Misalnya, Wahyu Sakti Trenggono yang adalah bendahara tim kampanye Jokowi-Amin, atau Ketua Umum Relawan Projo Budi Arie Setiadji. Selain itu, posisi itu juga untuk partai-partai pendukung Jokowi-Amin yang tidak mendapat kursi di DPR, seperti putri sulung Ketua Umum Perindo, Angela Herliani Tanoesoedibjo.
"Tugas mereka sebagai wamen apa? Apakah tidak akan bertumpuk dengan tugas direktur jenderal di tiap kementerian? Kalau saya melihatnya, itu hanya untuk memberi tempat untuk relawan dan pendukung yang sebelumnya ngambek," kata Agus saat dihubungi di Jakarta, Jumat (25/10/2019).
Peneliti Lembaga Ilmu Pengetahuan Indonesia Firman Noor mengatakan, kehadiran para wamen seharusnya untuk memperkuat pemerintahan, terutama di pos-pos kementerian khusus yang akan menjadi fokus pemerintah ke depan. Namun, dengan penempatan wamen yang tidak sesuai dengan kapabilitas dan kompetensinya, tujuan itu tidak bisa terpenuhi.
Menurutnya, Presiden seharusnya lebih selektif memilih wakil menteri. Langkah akomodatif Presiden ini pada akhirnya justru bertentangan dengan keinginannya membentuk kabinet yang kuat dan efektif.
Sementara itu, Sekretaris Fraksi Partai Gerindra Desmond J Mahesa mengatakan, kehadiran wamen bisa memberatkan tugas para menteri, karena penempatan yang tidak sesuai dengan bidang kompetensi dan pengalamannya selama ini. Kehadiran mereka juga dinilai tidak akan banyak membantu efektivitas kinerja pemerintahan.
Ia pun menyinggung Wahyu Sakti Trenggono yang menjadi Wakil Menteri Pertahanan meskipun tidak memiliki latar belakang apapun di bidang pertahanan keamanan. Menurut Desmond, Prabowo tidak senang dengan adanya wakil menteri yang tidak paham dengan urusan pertahanan.
Sebab, banyak persoalan warisan periode sebelumnya yang perlu ditangani dan membutuhkan tangan dingin seseorang yang berkapasitas, atau setidaknya orang lama di Kemenehan yang paham persoalan lama.

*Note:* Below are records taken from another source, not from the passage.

(* Let $G$ be a connected graph with $\mu_t(G)=|\mathcal{S}(G)|$, and let $\{C_1,\dots,C_k\}$ be the partition of $\mathcal{S}(G)$ into true twin equivalence classes. Then for every integer $n\ge 2$, $$\mu_t(G\,\Box\,K_n)=\sum_{i=1}^{k}\max\{|C_i|,n\}.$$
   Context: All graphs are finite, simple and undirected; $K_n$ is the complete graph on $n$ vertices and $N_G[v]$ the closed neighborhood of $v$. The Cartesian product $G\,\Box\,H$ has vertex set $V(G)\times V(H)$, with $(x,y)$ adjacent to $(x',y')$ iff either $x=x'$ and $yy'\in E(H)$, or $xx'\in E(G)$ and $y=y'$. Let $F$ be a connected graph and $X\subseteq V(F)$. Two vertices $u,v\in V(F)$ are $X$-visible if there exists a shortest $u,v$-path in $F$ none of whose internal vertices belongs to $X$. $X$ is a total mutual-visibility set of $F$ if every two vertices of $F$ are $X$-visible (the empty set is allowed). $\mu_t(F)$ is the maximum cardinality of a total mutual-visibility set of $F$. A vertex is simplicial if its neighbors induce a complete graph; $\mathcal{S}(G)$ is the set of simplicial vertices of $G$. Two simplicial vertices $g,g'$ are in the same true twin class iff $N_G[g]=N_G[g']$. *)

(* Finite simple graphs as a symmetric irreflexive rel on a finType. *)
From mathcomp Require Import all_boot.
Set Implicit Arguments. Unset Strict Implicit. Unset Printing Implicit Defensive.

Section Graphs.
Variable T : finType.
Variable e : rel T.

Definition connected_graph : Prop := forall u v : T, connect e u v.

(* A u,v-walk is a sequence p with u :: p an e-path ending in v; its length is size p. *)
Definition is_walk (u v : T) (p : seq T) : bool := path e u p && (last u p == v).

Definition is_shortest (u v : T) (p : seq T) : Prop :=
  is_walk u v p /\ forall q, is_walk u v q -> size p <= size q.

(* internal vertices of the walk u :: p (all but the two endpoints) *)
Definition internal (p : seq T) : seq T := take (size p).-1 p.

Definition X_visible (X : {set T}) (u v : T) : Prop :=
  exists p, is_shortest u v p /\ all (fun x => x \notin X) (internal p).

Definition total_mutual_visibility_set (X : {set T}) : Prop :=
  forall u v : T, X_visible X u v.

Definition mu_t_is (m : nat) : Prop :=
  (exists X : {set T}, total_mutual_visibility_set X /\ #|X| = m) /\
  (forall X : {set T}, total_mutual_visibility_set X -> #|X| <= m).

Definition closed_nbhd (v : T) : {set T} := [set x | (x == v) || e v x].

Definition simplicial (v : T) : bool :=
  [forall x, forall y, (e v x && e v y && (x != y)) ==> e x y].

Definition simplicial_set : {set T} := [set v | simplicial v].

Definition twin_classes : {set {set T}} :=
  [set [set g' in simplicial_set | closed_nbhd g' == closed_nbhd g]
  | g in simplicial_set].

End Graphs.

Definition cart_Kn (T : finType) (e : rel T) (n : nat) : rel (T * 'I_n) :=
  fun a b => ((a.1 == b.1) && (a.2 != b.2)) || (e a.1 b.1 && (a.2 == b.2)).
Arguments cart_Kn {T} e n.

From mathcomp Require Import all_boot zify.
Set Implicit Arguments. Unset Strict Implicit. Unset Printing Implicit Defensive.

(* Write H = G □ K_n, a vertex (g, i) lying in the i-th layer.  The proof
   characterises the extremal sets through two properties of X ⊆ V(H):
   (a) every vertex of X has a simplicial first coordinate, and
   (b) X is crossing-free: no (a, j), (b, i) ∈ X with ab ∈ E(G) and i ≠ j.
   Every total mutual-visibility set of H satisfies (b), and also (a) when
   mu_t(G) = |S(G)|: shortest paths between two vertices of one layer stay in
   that layer, so a layer of X together with S(G) is a total mutual-visibility
   set of G, hence lies in S(G).  Conversely, in a connected G every set with
   (a) and (b) is a total mutual-visibility set of H, because internal vertices
   of shortest paths of G are never simplicial.
   Adjacent simplicial vertices are true twins, so by (b) the part of X above
   a twin class C is a subset of C × [n] any two points of which share a row
   or a column; it has at most max(|C|, n) points.  The bound is attained by
   taking, for each class, either C × {i0} or {c} × [n]. *)

Lemma internal_rcons (T : finType) (s : seq T) (x : T) : internal (rcons s x) = s.
Proof. by rewrite /internal size_rcons /= -cats1 take_size_cat. Qed.

Lemma internal_map (A B : finType) (f : A -> B) (s : seq A) :
  internal (map f s) = map f (internal s).
Proof. by rewrite /internal map_take size_map. Qed.

Lemma internal_split (T : finType) (q : seq T) (x : T) : x \in internal q ->
  exists s1 z r, q = s1 ++ x :: z :: r.
Proof.
case/lastP: q => [|q0 w] //; rewrite internal_rcons => /splitPr [s1 [|z r]].
  by exists s1, w, [::]; rewrite rcons_cat.
by exists s1, z, (rcons r w); rewrite rcons_cat.
Qed.

(* A set Y ⊆ C × B any two points of which share a row or a column lies in a
   single row or a single column, so it has at most max(|C|, |B|) points. *)
Lemma card_row_or_column (A B : finType) (Y : {set A * B}) (C : {set A}) :
  {in Y, forall y, y.1 \in C} ->
  {in Y &, forall y y', (y.1 == y'.1) || (y.2 == y'.2)} ->
  #|Y| <= maxn #|C| #|B|.
Proof.
move=> YC Yline; have [->|[y0 y0Y]] := set_0Vmem Y; first by rewrite cards0.
case: (boolP [forall y in Y, y.1 == y0.1]) => [/forall_inP row|].
  rewrite -(@card_in_imset _ _ snd); last first.
    by move=> [a b] [c d] /row /= /eqP -> /row /= /eqP -> /= ->.
  by apply: leq_trans (max_card _) _; rewrite leq_maxr.
rewrite negb_forall_in => /exists_inP [y1 y1Y ny1].
have y12 : y1.2 == y0.2 by move: (Yline _ _ y1Y y0Y); rewrite (negbTE ny1).
have column : {in Y, forall y, y.2 == y0.2}.
  move=> y yY; apply/negPn/negP=> ny.
  move: (Yline _ _ yY y0Y) (Yline _ _ yY y1Y).
  rewrite (negbTE ny) (eqP y12) (negbTE ny) !orbF => /eqP -> /eqP y01.
  by rewrite y01 eqxx in ny1.
rewrite -(@card_in_imset _ _ fst); last first.
  by move=> [a b] [c d] /column /= /eqP -> /column /= /eqP -> /= ->.
apply: leq_trans (subset_leq_card _) (leq_maxl _ _).
by apply/subsetP=> x /imsetP [y yY ->]; apply: YC.
Qed.

Section Graph.
Variables (T : finType) (e : rel T).
Hypothesis e_sym : symmetric e.
Local Notation S := (simplicial_set e).

Lemma exists_shortest (a b : T) : connect e a b -> exists q, is_shortest e a b q.
Proof.
move=> /connectP [p pp lp].
pose P m := [exists t : m.-tuple T, is_walk e a b t].
have walk_p : P (size p).
  by apply/existsP; exists (in_tuple p); rewrite /is_walk pp -lp eqxx.
have [m /existsP [t wt] tmin] := ex_minnP (ex_intro P _ walk_p).
exists t; split => // q wq; rewrite size_tuple; apply: tmin.
by apply/existsP; exists (in_tuple q).
Qed.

"Wakil menteri itu minimal paham militer dan strategi pertahanan untuk membantu membenahi persoalan pertahanan nasional. Tetapi, kalau wakil menteri ditempatkan di situ karena saat kampanye membantu Pak Jokowi, kesannya saya pikir kasihan Pak Prabowo, ya. Negara juga rugi menggaji wamen yang tidak tahu apa-apa," kata Desmond.
Sementara itu, Wakil Ketua Umum Partai Kebangkitan Bangsa Jazilul Fawaid mengatakan, kehadiran wamen itu jangan sampai menjadi matahari kembar di kementerian. Ia juga mengatakan, dalam kementerian, kehadiran wamen sebenarnya yang tambahan, bukan unit yang wajib ada.
"Wamen ini seharusnya hanya suplemen bagi kementerian yang dianggap memiliki tantangan besar. Kalau unit pembantu menteri sebenarnya sudah banyak, sudah ada dirjen, direktur, deputi," kata Jazilul.
Sejauh ini, PKB belum mendapat jatah wamen. Jazilul pun berharap, partainya bisa mendapat jatah wakil menteri juga. Sejauh ini, PKB mendapat tiga kursi menteri di Kabinet Indonesia Maju, yaitu menteri perdagangan, menteri tenaga kerja, serta enteri desa dan pembangunan daerah tertinggal.
"Mudah-mudahan akan ada jabatan wamen lagi. Untuk posisi yang lebih baik, siapa yang tidak berharap," katanya.